_Task description_
Beginning with the first line below, please restate each line exactly, down to and including the line containing "Local Notation h := (half R).".

--- Task data ---

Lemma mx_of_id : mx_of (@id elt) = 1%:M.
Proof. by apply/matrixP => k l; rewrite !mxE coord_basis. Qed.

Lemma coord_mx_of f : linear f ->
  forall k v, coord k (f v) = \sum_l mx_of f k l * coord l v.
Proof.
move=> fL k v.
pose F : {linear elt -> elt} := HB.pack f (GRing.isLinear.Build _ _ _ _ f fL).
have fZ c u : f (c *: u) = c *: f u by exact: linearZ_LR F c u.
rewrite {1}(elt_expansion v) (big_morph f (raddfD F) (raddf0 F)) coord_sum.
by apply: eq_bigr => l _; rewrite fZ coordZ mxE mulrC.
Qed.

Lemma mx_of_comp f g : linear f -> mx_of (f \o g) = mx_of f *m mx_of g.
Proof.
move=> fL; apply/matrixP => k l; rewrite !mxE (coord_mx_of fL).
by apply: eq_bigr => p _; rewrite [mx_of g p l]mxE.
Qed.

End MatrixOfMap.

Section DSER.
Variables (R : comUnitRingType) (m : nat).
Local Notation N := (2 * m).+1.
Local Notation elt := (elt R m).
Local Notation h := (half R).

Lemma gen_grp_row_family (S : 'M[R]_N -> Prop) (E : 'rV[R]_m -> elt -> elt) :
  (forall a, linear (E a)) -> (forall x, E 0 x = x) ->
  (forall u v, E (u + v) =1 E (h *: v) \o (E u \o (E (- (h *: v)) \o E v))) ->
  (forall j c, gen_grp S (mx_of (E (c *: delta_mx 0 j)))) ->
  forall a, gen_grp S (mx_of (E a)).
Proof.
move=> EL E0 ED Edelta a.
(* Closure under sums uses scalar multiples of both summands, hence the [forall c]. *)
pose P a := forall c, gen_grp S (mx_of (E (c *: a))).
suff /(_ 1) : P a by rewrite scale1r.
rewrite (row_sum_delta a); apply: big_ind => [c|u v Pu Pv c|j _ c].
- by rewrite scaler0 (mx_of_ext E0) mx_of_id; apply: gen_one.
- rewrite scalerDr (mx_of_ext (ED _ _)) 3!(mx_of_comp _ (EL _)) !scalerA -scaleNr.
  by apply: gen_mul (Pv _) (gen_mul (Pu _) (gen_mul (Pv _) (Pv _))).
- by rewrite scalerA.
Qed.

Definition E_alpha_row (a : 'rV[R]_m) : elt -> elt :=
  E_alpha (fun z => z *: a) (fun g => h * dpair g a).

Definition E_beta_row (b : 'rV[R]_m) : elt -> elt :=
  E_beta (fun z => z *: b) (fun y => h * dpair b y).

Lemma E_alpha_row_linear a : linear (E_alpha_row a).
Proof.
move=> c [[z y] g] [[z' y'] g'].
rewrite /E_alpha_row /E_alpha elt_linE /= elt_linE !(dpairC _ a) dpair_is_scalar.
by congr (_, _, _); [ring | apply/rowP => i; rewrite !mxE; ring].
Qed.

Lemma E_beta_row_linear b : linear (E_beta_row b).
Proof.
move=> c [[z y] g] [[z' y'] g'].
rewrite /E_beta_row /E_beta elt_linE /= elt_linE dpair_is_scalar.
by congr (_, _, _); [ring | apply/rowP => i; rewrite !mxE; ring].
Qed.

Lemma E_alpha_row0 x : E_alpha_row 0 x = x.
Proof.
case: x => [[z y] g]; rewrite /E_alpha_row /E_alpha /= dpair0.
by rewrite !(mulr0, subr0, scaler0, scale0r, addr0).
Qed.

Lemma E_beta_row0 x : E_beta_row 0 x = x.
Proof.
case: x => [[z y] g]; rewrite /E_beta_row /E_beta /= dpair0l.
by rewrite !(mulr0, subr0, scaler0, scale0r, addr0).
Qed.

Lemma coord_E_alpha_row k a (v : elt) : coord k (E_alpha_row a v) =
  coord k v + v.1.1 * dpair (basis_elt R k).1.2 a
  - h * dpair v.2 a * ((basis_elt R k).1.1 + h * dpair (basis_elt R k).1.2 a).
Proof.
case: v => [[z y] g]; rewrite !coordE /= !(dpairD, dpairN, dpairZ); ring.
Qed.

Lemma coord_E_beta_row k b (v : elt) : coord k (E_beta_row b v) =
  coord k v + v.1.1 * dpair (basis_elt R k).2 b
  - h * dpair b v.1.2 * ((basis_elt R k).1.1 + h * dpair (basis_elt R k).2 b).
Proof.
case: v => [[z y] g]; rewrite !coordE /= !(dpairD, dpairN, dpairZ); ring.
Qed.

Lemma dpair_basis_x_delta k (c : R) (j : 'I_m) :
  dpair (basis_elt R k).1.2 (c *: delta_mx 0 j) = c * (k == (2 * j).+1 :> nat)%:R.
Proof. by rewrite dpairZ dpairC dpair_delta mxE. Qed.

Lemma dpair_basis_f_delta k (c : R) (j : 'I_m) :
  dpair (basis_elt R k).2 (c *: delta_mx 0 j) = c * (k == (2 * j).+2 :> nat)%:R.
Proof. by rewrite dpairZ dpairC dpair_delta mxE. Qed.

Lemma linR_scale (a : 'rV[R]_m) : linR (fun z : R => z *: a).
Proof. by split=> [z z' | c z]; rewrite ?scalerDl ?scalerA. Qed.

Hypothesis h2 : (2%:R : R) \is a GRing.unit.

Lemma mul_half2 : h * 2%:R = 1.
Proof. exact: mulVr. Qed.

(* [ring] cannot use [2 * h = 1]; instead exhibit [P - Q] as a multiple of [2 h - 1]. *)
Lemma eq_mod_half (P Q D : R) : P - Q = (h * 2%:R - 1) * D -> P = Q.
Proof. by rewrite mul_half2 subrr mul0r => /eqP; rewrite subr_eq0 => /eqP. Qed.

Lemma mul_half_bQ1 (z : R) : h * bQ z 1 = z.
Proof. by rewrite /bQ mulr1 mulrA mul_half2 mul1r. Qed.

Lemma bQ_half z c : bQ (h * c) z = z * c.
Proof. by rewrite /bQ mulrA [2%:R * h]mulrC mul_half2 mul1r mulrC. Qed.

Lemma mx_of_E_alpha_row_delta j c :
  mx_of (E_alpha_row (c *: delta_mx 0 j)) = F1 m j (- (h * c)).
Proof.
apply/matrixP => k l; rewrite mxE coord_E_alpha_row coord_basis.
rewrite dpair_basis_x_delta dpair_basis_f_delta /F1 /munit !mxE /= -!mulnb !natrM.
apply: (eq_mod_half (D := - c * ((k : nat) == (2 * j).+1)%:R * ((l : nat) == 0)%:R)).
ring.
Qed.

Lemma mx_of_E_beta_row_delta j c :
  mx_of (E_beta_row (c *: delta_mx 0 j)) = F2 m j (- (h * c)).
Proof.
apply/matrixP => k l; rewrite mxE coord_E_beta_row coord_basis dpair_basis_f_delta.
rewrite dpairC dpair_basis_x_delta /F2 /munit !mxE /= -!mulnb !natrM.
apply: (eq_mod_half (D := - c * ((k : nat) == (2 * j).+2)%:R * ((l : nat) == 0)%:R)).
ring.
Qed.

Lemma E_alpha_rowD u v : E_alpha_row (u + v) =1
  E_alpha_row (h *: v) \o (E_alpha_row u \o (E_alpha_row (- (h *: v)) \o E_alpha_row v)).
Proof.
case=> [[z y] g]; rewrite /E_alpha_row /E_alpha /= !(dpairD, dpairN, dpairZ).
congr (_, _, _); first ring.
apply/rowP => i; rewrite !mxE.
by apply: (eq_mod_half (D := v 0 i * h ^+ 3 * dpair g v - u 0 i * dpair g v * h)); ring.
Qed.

---

_Answer space_
Lemma mx_of_id : mx_of (@id elt) = 1%:M.
Proof. by apply/matrixP => k l; rewrite !mxE coord_basis. Qed.

Lemma coord_mx_of f : linear f ->
  forall k v, coord k (f v) = \sum_l mx_of f k l * coord l v.
Proof.
move=> fL k v.
pose F : {linear elt -> elt} := HB.pack f (GRing.isLinear.Build _ _ _ _ f fL).
have fZ c u : f (c *: u) = c *: f u by exact: linearZ_LR F c u.
rewrite {1}(elt_expansion v) (big_morph f (raddfD F) (raddf0 F)) coord_sum.
by apply: eq_bigr => l _; rewrite fZ coordZ mxE mulrC.
Qed.

Lemma mx_of_comp f g : linear f -> mx_of (f \o g) = mx_of f *m mx_of g.
Proof.
move=> fL; apply/matrixP => k l; rewrite !mxE (coord_mx_of fL).
by apply: eq_bigr => p _; rewrite [mx_of g p l]mxE.
Qed.

End MatrixOfMap.

Section DSER.
Variables (R : comUnitRingType) (m : nat).
Local Notation N := (2 * m).+1.
Local Notation elt := (elt R m).
Local Notation h := (half R).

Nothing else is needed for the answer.